Provided material »
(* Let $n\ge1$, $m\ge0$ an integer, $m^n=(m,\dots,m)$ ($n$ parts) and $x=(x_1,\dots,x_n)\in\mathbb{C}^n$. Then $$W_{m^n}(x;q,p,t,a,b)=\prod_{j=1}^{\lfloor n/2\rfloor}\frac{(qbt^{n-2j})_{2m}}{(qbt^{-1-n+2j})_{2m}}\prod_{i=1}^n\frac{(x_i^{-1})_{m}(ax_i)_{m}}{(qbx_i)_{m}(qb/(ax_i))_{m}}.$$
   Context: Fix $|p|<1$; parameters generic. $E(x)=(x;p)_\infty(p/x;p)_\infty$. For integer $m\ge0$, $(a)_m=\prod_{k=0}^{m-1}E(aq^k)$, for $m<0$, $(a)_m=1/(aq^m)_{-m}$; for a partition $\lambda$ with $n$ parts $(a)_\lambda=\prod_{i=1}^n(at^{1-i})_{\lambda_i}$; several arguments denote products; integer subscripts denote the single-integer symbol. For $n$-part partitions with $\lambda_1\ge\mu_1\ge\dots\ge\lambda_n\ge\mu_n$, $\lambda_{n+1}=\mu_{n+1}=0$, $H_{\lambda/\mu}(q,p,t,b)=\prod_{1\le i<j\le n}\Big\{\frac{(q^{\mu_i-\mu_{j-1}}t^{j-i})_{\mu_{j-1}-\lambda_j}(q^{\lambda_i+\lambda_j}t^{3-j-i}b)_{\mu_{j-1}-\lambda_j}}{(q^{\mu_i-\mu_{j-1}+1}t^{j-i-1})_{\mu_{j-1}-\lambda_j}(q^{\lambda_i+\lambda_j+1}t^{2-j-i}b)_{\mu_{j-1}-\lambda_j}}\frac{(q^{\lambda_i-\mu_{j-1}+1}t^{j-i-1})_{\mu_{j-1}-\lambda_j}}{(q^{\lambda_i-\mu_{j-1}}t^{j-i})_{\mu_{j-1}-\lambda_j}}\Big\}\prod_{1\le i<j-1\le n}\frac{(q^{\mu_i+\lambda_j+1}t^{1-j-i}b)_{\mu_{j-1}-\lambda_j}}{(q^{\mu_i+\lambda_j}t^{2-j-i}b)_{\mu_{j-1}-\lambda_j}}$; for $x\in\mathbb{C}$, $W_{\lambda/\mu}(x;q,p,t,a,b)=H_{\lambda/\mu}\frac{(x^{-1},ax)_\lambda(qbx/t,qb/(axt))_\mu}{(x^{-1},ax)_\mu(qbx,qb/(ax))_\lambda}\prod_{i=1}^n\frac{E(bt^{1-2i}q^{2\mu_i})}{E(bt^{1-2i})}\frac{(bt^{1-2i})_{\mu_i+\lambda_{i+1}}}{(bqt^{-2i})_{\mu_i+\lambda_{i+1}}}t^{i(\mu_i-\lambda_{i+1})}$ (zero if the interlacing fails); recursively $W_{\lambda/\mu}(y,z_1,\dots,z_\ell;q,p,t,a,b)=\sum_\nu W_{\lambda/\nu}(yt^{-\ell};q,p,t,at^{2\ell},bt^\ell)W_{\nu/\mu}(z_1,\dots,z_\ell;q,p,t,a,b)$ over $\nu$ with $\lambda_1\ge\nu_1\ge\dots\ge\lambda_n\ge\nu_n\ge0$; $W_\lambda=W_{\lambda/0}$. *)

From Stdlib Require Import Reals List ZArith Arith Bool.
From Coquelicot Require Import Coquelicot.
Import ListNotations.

Problem to work on »
Your answer should be the lines from the one containing "From Stdlib Require" to the end of the entries above, restated exactly and alone.

Task response »
From Stdlib Require Import Reals List ZArith Arith Bool.
From Coquelicot Require Import Coquelicot.
Import ListNotations.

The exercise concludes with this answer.